Brief -
Please restate, word for word, the lines below that begin at the one with "case jA: (j" and end at the one with "move=> jD iso.". Leave out all other lines.
==== Given records
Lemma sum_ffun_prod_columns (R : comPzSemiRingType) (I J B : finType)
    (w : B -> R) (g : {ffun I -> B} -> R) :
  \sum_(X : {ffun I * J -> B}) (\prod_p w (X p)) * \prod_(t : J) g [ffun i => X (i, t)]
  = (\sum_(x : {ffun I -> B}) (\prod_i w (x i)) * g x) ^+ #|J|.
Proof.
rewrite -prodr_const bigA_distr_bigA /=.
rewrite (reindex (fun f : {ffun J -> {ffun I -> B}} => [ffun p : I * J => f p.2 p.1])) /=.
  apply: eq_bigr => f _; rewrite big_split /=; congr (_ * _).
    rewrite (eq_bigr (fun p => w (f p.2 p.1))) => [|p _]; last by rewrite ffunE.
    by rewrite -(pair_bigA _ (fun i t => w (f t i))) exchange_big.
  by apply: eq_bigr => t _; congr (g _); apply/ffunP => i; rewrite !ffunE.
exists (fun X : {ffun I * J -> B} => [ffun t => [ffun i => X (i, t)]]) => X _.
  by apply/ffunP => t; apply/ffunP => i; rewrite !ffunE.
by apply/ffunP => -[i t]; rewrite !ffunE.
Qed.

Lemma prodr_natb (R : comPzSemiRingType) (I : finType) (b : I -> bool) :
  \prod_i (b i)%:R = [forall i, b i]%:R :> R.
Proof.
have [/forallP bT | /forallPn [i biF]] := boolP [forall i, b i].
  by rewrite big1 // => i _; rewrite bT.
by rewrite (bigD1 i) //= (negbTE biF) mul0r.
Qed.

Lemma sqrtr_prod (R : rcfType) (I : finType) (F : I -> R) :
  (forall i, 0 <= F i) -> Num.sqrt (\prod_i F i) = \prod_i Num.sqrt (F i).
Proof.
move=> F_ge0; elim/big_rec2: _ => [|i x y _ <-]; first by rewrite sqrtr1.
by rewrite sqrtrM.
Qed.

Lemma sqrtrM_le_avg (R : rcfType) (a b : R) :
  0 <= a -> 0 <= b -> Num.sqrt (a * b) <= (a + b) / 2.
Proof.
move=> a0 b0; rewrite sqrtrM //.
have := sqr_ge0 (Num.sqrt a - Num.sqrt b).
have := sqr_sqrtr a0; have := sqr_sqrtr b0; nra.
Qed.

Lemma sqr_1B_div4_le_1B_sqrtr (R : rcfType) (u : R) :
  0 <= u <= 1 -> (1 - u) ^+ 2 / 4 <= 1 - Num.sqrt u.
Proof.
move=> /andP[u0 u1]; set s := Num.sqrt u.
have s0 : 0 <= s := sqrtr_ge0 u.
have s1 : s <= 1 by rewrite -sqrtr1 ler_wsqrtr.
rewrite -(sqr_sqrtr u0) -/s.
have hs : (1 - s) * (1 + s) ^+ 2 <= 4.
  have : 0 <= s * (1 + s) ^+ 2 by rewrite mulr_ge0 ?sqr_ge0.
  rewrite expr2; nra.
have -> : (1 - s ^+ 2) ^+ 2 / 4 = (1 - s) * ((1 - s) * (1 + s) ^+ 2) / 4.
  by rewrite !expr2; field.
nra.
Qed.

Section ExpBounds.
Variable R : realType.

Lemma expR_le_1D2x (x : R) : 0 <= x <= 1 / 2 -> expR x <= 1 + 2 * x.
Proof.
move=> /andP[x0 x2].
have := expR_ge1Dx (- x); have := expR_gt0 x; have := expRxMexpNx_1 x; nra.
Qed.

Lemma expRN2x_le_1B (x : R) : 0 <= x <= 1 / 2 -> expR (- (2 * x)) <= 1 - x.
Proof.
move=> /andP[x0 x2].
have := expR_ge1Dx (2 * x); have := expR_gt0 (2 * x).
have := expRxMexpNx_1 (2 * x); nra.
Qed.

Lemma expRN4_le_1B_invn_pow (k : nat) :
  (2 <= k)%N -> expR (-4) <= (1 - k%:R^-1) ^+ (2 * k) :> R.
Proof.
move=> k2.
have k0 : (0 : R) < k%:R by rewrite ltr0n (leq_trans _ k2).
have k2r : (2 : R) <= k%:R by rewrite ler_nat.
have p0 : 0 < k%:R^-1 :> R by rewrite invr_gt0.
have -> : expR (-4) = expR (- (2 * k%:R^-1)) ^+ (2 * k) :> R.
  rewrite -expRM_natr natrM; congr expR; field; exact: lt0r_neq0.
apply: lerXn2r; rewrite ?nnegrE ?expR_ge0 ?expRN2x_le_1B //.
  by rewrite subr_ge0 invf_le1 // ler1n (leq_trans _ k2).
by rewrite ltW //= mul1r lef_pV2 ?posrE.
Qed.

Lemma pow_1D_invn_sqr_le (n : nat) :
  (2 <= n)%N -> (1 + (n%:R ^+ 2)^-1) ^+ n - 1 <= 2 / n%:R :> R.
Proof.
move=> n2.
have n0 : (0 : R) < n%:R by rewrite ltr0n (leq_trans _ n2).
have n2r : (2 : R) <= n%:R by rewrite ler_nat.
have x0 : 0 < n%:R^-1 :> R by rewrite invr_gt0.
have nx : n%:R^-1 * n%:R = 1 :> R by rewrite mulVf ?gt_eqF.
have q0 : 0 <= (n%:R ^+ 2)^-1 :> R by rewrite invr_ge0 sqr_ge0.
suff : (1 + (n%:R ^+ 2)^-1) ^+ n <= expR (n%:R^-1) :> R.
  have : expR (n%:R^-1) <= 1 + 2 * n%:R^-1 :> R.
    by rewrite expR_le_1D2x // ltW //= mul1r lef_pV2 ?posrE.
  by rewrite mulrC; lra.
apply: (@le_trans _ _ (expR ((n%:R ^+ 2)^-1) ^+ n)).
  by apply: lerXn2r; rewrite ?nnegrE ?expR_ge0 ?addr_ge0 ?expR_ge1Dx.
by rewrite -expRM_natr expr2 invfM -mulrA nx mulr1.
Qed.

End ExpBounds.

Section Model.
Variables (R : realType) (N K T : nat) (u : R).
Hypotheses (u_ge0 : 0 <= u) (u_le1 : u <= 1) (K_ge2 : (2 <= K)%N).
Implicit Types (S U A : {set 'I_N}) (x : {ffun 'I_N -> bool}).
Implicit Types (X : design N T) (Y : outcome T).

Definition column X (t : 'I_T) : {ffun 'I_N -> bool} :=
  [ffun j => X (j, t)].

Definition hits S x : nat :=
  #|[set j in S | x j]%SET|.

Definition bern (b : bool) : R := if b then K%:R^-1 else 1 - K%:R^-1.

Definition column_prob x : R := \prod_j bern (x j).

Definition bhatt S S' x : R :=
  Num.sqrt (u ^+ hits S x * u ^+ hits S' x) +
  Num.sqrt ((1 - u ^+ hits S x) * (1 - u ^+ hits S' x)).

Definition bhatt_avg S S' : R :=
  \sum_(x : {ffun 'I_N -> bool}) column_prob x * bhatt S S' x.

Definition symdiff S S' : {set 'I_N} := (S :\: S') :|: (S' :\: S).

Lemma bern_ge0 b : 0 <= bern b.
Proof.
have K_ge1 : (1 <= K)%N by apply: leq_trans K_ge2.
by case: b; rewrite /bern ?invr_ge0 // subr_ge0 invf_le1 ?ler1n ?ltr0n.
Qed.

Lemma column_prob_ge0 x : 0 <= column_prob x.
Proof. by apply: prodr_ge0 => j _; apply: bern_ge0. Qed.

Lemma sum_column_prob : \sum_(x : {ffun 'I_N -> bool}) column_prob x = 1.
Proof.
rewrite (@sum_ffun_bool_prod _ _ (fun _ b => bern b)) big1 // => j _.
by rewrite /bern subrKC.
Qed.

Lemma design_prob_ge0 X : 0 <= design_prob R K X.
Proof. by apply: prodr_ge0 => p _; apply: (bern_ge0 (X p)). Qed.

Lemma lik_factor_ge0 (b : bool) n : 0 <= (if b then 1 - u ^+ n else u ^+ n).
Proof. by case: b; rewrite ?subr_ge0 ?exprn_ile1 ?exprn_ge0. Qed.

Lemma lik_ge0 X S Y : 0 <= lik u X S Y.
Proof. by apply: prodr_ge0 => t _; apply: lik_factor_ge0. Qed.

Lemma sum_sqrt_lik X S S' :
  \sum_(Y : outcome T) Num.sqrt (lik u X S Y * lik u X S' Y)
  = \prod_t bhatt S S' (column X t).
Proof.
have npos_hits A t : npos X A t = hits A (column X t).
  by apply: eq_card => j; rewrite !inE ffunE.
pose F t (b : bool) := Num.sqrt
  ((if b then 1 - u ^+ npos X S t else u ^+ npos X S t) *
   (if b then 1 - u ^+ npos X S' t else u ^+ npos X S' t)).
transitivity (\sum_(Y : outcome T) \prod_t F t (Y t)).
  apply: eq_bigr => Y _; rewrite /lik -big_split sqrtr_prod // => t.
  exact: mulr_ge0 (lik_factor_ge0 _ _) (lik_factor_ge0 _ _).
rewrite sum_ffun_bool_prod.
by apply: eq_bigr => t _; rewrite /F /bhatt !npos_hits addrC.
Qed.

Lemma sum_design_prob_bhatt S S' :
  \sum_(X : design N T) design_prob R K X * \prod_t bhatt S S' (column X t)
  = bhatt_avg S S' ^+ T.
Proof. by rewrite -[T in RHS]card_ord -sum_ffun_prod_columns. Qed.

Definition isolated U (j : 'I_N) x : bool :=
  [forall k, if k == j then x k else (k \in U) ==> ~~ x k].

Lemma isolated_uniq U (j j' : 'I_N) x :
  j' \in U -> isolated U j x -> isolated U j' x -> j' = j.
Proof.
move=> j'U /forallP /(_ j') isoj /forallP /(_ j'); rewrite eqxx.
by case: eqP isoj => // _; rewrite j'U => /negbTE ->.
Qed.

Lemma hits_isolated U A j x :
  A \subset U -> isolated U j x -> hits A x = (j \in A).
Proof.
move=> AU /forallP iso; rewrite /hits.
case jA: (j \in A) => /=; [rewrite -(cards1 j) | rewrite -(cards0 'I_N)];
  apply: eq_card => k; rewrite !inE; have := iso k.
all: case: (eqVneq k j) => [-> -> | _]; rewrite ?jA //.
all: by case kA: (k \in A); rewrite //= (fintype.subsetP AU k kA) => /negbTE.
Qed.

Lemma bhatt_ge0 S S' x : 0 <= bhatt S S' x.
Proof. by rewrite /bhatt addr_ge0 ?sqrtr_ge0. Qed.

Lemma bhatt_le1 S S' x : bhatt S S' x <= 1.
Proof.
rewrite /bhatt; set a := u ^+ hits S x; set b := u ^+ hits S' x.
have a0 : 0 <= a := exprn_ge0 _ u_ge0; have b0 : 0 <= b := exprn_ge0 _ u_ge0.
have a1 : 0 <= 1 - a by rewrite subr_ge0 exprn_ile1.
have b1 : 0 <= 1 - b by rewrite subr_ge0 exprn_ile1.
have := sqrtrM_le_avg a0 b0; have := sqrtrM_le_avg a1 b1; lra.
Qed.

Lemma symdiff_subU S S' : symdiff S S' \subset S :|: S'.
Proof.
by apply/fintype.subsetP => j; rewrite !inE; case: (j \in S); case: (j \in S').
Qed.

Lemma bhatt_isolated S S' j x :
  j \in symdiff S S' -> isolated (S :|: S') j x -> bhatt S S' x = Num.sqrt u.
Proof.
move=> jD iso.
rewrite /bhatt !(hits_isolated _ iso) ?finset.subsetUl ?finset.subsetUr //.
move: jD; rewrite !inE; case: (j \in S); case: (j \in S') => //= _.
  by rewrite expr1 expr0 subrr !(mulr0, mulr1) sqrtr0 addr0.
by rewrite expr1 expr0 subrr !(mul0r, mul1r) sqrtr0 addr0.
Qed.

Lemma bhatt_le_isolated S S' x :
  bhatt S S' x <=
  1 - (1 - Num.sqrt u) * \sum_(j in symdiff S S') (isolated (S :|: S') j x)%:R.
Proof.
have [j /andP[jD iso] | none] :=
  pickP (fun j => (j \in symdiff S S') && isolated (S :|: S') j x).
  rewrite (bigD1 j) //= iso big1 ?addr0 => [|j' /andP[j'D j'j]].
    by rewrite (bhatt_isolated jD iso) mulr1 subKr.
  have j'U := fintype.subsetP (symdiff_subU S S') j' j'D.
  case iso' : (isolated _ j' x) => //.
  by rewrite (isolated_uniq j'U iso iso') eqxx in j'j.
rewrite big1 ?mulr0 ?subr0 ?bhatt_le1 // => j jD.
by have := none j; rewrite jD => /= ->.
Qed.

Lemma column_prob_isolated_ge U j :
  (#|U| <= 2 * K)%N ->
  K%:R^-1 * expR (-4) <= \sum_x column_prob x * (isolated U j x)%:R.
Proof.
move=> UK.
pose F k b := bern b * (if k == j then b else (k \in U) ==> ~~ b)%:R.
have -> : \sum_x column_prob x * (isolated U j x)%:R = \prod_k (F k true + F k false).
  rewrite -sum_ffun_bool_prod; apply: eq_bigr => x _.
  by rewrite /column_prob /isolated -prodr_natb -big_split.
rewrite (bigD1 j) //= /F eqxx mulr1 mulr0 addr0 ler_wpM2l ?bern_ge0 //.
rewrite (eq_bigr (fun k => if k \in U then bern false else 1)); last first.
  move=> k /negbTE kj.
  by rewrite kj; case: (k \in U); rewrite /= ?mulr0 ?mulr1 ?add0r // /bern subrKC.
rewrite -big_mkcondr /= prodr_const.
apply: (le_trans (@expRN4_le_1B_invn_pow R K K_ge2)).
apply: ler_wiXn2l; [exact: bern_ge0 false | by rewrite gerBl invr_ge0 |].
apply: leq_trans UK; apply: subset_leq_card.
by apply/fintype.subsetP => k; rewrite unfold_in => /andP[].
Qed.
========
==== Given records
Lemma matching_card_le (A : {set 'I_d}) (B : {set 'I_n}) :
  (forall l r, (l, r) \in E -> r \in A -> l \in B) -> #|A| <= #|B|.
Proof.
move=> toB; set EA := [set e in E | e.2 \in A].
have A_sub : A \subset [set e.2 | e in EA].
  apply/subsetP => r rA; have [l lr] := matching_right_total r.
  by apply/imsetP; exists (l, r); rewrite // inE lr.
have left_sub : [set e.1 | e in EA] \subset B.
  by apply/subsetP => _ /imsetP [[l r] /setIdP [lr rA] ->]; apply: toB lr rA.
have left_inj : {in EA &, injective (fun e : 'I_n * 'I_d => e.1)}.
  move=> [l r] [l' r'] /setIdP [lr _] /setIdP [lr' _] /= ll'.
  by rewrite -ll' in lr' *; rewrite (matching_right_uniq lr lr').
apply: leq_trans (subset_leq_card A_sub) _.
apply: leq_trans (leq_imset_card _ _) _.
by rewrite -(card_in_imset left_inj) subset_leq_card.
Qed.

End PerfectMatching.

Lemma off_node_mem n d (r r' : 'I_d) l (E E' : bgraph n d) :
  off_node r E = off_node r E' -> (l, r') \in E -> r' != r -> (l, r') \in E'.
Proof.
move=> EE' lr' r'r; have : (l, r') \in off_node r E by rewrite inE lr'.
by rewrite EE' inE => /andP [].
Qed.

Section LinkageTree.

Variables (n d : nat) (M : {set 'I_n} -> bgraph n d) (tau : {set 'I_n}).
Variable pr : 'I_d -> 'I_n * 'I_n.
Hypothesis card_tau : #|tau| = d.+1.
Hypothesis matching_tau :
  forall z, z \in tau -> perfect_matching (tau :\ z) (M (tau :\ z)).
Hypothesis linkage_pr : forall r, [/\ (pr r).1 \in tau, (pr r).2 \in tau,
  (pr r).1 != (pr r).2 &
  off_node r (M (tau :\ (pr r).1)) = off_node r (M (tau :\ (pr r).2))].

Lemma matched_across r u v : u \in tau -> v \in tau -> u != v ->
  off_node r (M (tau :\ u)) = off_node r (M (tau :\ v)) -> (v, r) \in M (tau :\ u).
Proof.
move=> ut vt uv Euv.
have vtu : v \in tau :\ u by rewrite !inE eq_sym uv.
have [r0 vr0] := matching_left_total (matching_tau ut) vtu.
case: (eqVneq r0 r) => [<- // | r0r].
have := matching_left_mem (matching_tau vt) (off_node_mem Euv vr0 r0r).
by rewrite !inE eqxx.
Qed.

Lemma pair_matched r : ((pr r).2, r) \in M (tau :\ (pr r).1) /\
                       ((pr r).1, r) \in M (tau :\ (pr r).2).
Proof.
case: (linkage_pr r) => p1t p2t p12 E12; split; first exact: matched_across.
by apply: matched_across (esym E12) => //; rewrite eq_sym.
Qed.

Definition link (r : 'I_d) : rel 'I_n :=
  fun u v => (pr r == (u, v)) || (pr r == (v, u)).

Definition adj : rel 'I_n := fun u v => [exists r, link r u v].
========
Response for this exercise -
case jA: (j \in A) => /=; [rewrite -(cards1 j) | rewrite -(cards0 'I_N)];
  apply: eq_card => k; rewrite !inE; have := iso k.
all: case: (eqVneq k j) => [-> -> | _]; rewrite ?jA //.
all: by case kA: (k \in A); rewrite //= (fintype.subsetP AU k kA) => /negbTE.
Qed.

Lemma bhatt_ge0 S S' x : 0 <= bhatt S S' x.
Proof. by rewrite /bhatt addr_ge0 ?sqrtr_ge0. Qed.

Lemma bhatt_le1 S S' x : bhatt S S' x <= 1.
Proof.
rewrite /bhatt; set a := u ^+ hits S x; set b := u ^+ hits S' x.
have a0 : 0 <= a := exprn_ge0 _ u_ge0; have b0 : 0 <= b := exprn_ge0 _ u_ge0.
have a1 : 0 <= 1 - a by rewrite subr_ge0 exprn_ile1.
have b1 : 0 <= 1 - b by rewrite subr_ge0 exprn_ile1.
have := sqrtrM_le_avg a0 b0; have := sqrtrM_le_avg a1 b1; lra.
Qed.

Lemma symdiff_subU S S' : symdiff S S' \subset S :|: S'.
Proof.
by apply/fintype.subsetP => j; rewrite !inE; case: (j \in S); case: (j \in S').
Qed.

Lemma bhatt_isolated S S' j x :
  j \in symdiff S S' -> isolated (S :|: S') j x -> bhatt S S' x = Num.sqrt u.
Proof.
move=> jD iso.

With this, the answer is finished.